Create Resource Group
Create a new resource group in your Azure subscription.
Create vNet and Subnets
Create a virtual network with two subnets. The first subnet called “default” is where your endpoints in Azure will reside. But you need to create another subnet called “GatewaySubnet”, it must be this name, or else Azure won’t treat it as a subnet gateway.
Create local network gateway (on-premise)
Create the local network gateway which specifies the specifics of your on-premises location. In the case of this example, my lab has three subnets I want to expose. The GatewayIpAddress parameter refers to your public IP address for your on-premises location.
Create Public IP address
Create the public IP address for your VPN gateway to be able to communicate back to your on-premises location.

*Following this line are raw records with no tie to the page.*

(* Let $n\ge 3$ and let $x_{i_1,D_1},\dots,x_{i_p,D_p}$ be partial conjugations, regarded as elements of $\mathrm{Out}^0(W_n)$. Then there exists a hypertree $\Theta\in\mathcal{HT}_n$ that carries every one of $x_{i_1,D_1},\dots,x_{i_p,D_p}$ if and only if these partial conjugations pairwise commute in $\mathrm{Out}^0(W_n)$.
   Context: $W_n=\langle a_1,\dots,a_n\mid a_1^2=\dots=a_n^2=1\rangle$ is the free product of $n$ copies of $\mathbb{Z}_2$; $[n]=\{1,\dots,n\}$. For $i\in[n]$ and a nonempty $D\subseteq[n]\setminus\{i\}$, the partial conjugation $x_{i,D}\in\mathrm{Aut}(W_n)$ sends $a_j\mapsto a_ia_ja_i$ for $j\in D$ and fixes $a_j$ for $j\notin D$. $\mathrm{Aut}^0(W_n)$ is the group of automorphisms sending each $a_j$ to a conjugate of itself (generated by partial conjugations), and $\mathrm{Out}^0(W_n)=\mathrm{Aut}^0(W_n)/\mathrm{Inn}(W_n)$. In $\mathrm{Out}^0(W_n)$ one has $x_{i,D}=x_{i,D^c}$ where $D^c=[n]\setminus(D\cup\{i\})$. A hypergraph on $[n]$ is a set $E$ of subsets (hyperedges) of $[n]$, each of size $\ge 2$. A simple walk from $v$ to $v'$ is a sequence $v=v_0,e_1,v_1,\dots,e_p,v_p=v'$ with $\{v_{t-1},v_t\}\subseteq e_t$, the $v_t$ pairwise distinct and the $e_t$ pairwise distinct. A hypertree on $[n]$ is a hypergraph on $[n]$ in which any two vertices are joined by a unique simple walk; $\mathcal{HT}_n$ is the set of hypertrees on $[n]$ (labeled). A hypertree $\Theta$ carries $x_{i,D}$ if for every $d\in D$ and every $j\in[n]\setminus(D\cup\{i\})$ the simple walk in $\Theta$ from $d$ to $j$ passes through the vertex $i$; this depends only on the class of $x_{i,D}$ in $\mathrm{Out}^0(W_n)$. An element $\alpha\in\mathrm{Out}^0(W_n)$ is carried by $\Theta$ if it is a product of partial conjugations each carried by $\Theta$. *)

From mathcomp Require Import all_boot.
Set Implicit Arguments. Unset Strict Implicit. Unset Printing Implicit Defensive.

(* ---------- The group W_n = Z_2 * ... * Z_2, concretely ----------
   An element of W_n is represented by a word over 'I_n (letter j = a_j).
   Since a_j^2 = 1, the normal form is obtained by cancelling adjacent equal
   letters; [reduce] computes this normal form.  Two words represent the same
   element of W_n iff their reduced forms are equal.  The inverse of a word is
   its reverse. *)

Fixpoint reduce (n : nat) (w : seq 'I_n) : seq 'I_n :=
  match w with
  | [::] => [::]
  | x :: s =>
      match reduce s with
      | y :: r => if x == y then r else x :: y :: r
      | [::] => [:: x]
      end
  end.

Definition wmul (n : nat) (u v : seq 'I_n) : seq 'I_n := reduce (u ++ v).

Definition ext (n : nat) (f : 'I_n -> seq 'I_n) (w : seq 'I_n) : seq 'I_n :=
  reduce (flatten (map f w)).

Definition pconj_valid (n : nat) (x : 'I_n * {set 'I_n}) : bool :=
  (x.1 \notin x.2) && (x.2 != set0).

Definition pconj_gen (n : nat) (x : 'I_n * {set 'I_n}) (j : 'I_n) : seq 'I_n :=
  if j \in x.2 then [:: x.1; j; x.1] else [:: j].

(* Two automorphisms, given by generator images f g, are equal in Out(W_n)
   iff they differ by an inner automorphism: there is w in W_n with
   f(a_j) = w g(a_j) w^{-1} for every j. *)
Definition out_eq (n : nat) (f g : 'I_n -> seq 'I_n) : Prop :=
  exists w : seq 'I_n, forall j : 'I_n, reduce (f j) = reduce (w ++ g j ++ rev w).

Definition commute_out (n : nat) (x y : 'I_n * {set 'I_n}) : Prop :=
  out_eq (fun j => ext (pconj_gen x) (pconj_gen y j))
         (fun j => ext (pconj_gen y) (pconj_gen x j)).

Definition hypergraph (n : nat) (E : {set {set 'I_n}}) : bool :=
  [forall e in E, 1 < #|e|].

(* A simple walk v_0, e_1, v_1, ..., e_p, v_p, encoded as the vertex list
   vs = [v_0; ...; v_p] and edge list es = [e_1; ...; e_p]. *)
Definition simple_walk (n : nat) (E : {set {set 'I_n}}) (v v' : 'I_n)
    (vs : seq 'I_n) (es : seq {set 'I_n}) : Prop :=
  [/\ size vs = (size es).+1,
      head v' vs = v,
      last v vs = v' &
     [/\ uniq vs,
      uniq es,
      all (fun e => e \in E) es &
      forall t, t < size es ->
        (nth v vs t \in nth set0 es t) && (nth v vs t.+1 \in nth set0 es t)]].

Definition hypertree (n : nat) (E : {set {set 'I_n}}) : Prop :=
  hypergraph E /\
  forall v v' : 'I_n,
    exists! p : seq 'I_n * seq {set 'I_n}, simple_walk E v v' p.1 p.2.

Definition carries (n : nat) (E : {set {set 'I_n}}) (x : 'I_n * {set 'I_n}) : Prop :=
  forall d j : 'I_n, d \in x.2 -> j \notin x.2 -> j != x.1 ->
    forall vs es, simple_walk E d j vs es -> x.1 \in vs.

(* For x = x_{i,D}, let far_side x j be the block of the partition {D, D^c}
   of [n] \ {i} that does not contain j (D itself when j = i).  Partial
   conjugations x = x_{i,D} and y = x_{j,E} with i != j commute in Out^0(W_n)
   iff far_side x j and far_side y i are disjoint: this is a computation on
   generators, using that the centralizer of a_m in W_n is {1, a_m}.

   A hypertree carrying both forces this disjointness: a vertex k in both far
   sides would have i on its walk to j, and j on the part of that walk before i.

   Conversely, pairwise compatible partial conjugations are carried by a tree.
   It is built by induction on a vertex set S that no partial conjugation
   centered outside S splits.  If some x_0 centered in S splits S, choose it and
   one of its blocks A so that |A \cap S| is minimal among all such choices.  By
   compatibility and minimality no partial conjugation centered in A splits S,
   so a vertex l of A \cap S can be removed, and the tree on S \ {l} extended by
   the leaf l attached to the center of x_0. *)

From mathcomp Require Import all_boot zify.
Set Implicit Arguments. Unset Strict Implicit. Unset Printing Implicit Defensive.

Section ReducedWords.
Variable n : nat.
Implicit Types (u v w r s : seq 'I_n) (a b m : 'I_n).

Definition push a r : seq 'I_n :=
  if r is b :: r' then (if a == b then r' else a :: b :: r') else [:: a].

Lemma reduce_cons a s : reduce (a :: s) = push a (reduce s).
Proof. by []. Qed.

Definition reduced s := sorted (fun a b : 'I_n => a != b) s.

Lemma reduced_push a r : reduced r -> reduced (push a r).
Proof.
case: r => [|b r] //= H; case: ifP => [_|/negbT ne]; last by rewrite /= ne.
by case: r H => //= c r /andP[].
Qed.

Lemma reduced_reduce s : reduced (reduce s).
Proof. by elim: s => //= a s IH; rewrite -/(push _ _); apply: reduced_push. Qed.

Lemma reduce_id s : reduced s -> reduce s = s.
Proof.
elim: s => //= a s IH H.
have Hs : reduced s by case: s H {IH} => //= b s /andP[].
rewrite (IH Hs); case: s H {IH Hs} => //= b s /andP[ne _].
by rewrite (negbTE ne).
Qed.

Lemma reduceK s : reduce (reduce s) = reduce s.
Proof. exact/reduce_id/reduced_reduce. Qed.

Lemma pushK a r : reduced r -> push a (push a r) = r.
Proof.
case: r => [|b r] /=; first by rewrite eqxx.
case: (eqVneq a b) => [<-|ne] H /=; last by rewrite eqxx.
by case: r H => [|c r] //= /andP[ne _]; rewrite (negbTE ne).
Qed.

Lemma reduce_cat u v : reduce (u ++ v) = foldr push (reduce v) u.
Proof. by elim: u => //= a u ->. Qed.

Lemma reduced_foldr r u : reduced r -> reduced (foldr push r u).
Proof. by move=> H; elim: u => //= a u IH; apply: reduced_push. Qed.

Lemma foldr_push r a s : reduced r ->
  foldr push r (push a s) = push a (foldr push r s).
Proof.
move=> Hr; case: s => [|b s] //=; case: ifP => [/eqP <-|] //=.
by rewrite pushK //; apply: reduced_foldr.
Qed.

Lemma foldr_reduce r u : reduced r -> foldr push r (reduce u) = foldr push r u.
Proof.
by move=> Hr; elim: u => //= a u IH; rewrite -/(push _ _) foldr_push // IH.
Qed.

Lemma reduce_catl u v : reduce (reduce u ++ v) = reduce (u ++ v).
Proof. by rewrite !reduce_cat foldr_reduce // reduced_reduce. Qed.

Lemma reduce_catr u v : reduce (u ++ reduce v) = reduce (u ++ v).
Proof. by rewrite !reduce_cat reduceK. Qed.

Lemma reduce_catxx u a v : reduce (u ++ a :: a :: v) = reduce (u ++ v).
Proof.
by rewrite -reduce_catr !reduce_cons pushK ?reduced_reduce // reduce_catr.
Qed.

Lemma reduced_rev s : reduced (rev s) = reduced s.
Proof.
rewrite /reduced rev_sorted; case: s => //= a s; apply: eq_path => b c /=.
by rewrite eq_sym.
Qed.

Create the VPN Gateway Connectivity
Create the VPN gateway connectivity by assigning the subnet and public IP address.
Meraki Vpn Split Tunnel
Create the VPN gateway
We will combine all the previous steps to create a VPN gateway. Building a VPN gateway can take some time to complete, for me, it took on average 30 minutes to complete.
Configure the connection
Create and configure the connection between Azure and your on-site router. I used the cmdlet New-Guid to randomly generate a PassPhrase and output me the results so that I can use it in the next step to configuring pfSense.
Configure site-to-site VPN
- Login to your Meraki dashboard https://dashboard.meraki.com
- Go to Teleworker gateway and select site-to-site VPN
- On the site-to-site VPN page, under type select Hub (Mesh)
- Further down on the page, under VPN settings, select the appropriate local networks that will be available for the VPN connection.
- Continuing on the same page, under Organization-wide settings, Add a peer.
- The non-Meraki VPN peers will appear and add the required information:
- Name: provide name for the connection
- Public IP: public IP of the Azure VPN gateway
- Private subnet: Azure virtual network address space (do not enter individual subnets)
- IPsec policies: click on default and change the preset to Azure
- Preshared secret: enter the preshared key you used to create the Azure VPN gateway.
Verify connectivity
- Go to Teleworker gateway and select VPN status
- Go to Non-Meraki peer, ensure the status color is green.
- If the status is not green, go to the event log to troubleshoot.
Setup Meraki Vpn
I ran into a few issues during the setup and here are some of the errors I did and how I corrected it.
Configure Meraki Vpn Radius
- Azure VPN gateway was set to route-based. I had to delete the VPN gateway and recreate the gateway with the VPN type as Policy-based
- When configuring the site-to-site VPN on the Meraki dashboard, ensure the private subnets equals the address space configuration for your Azure virtual network.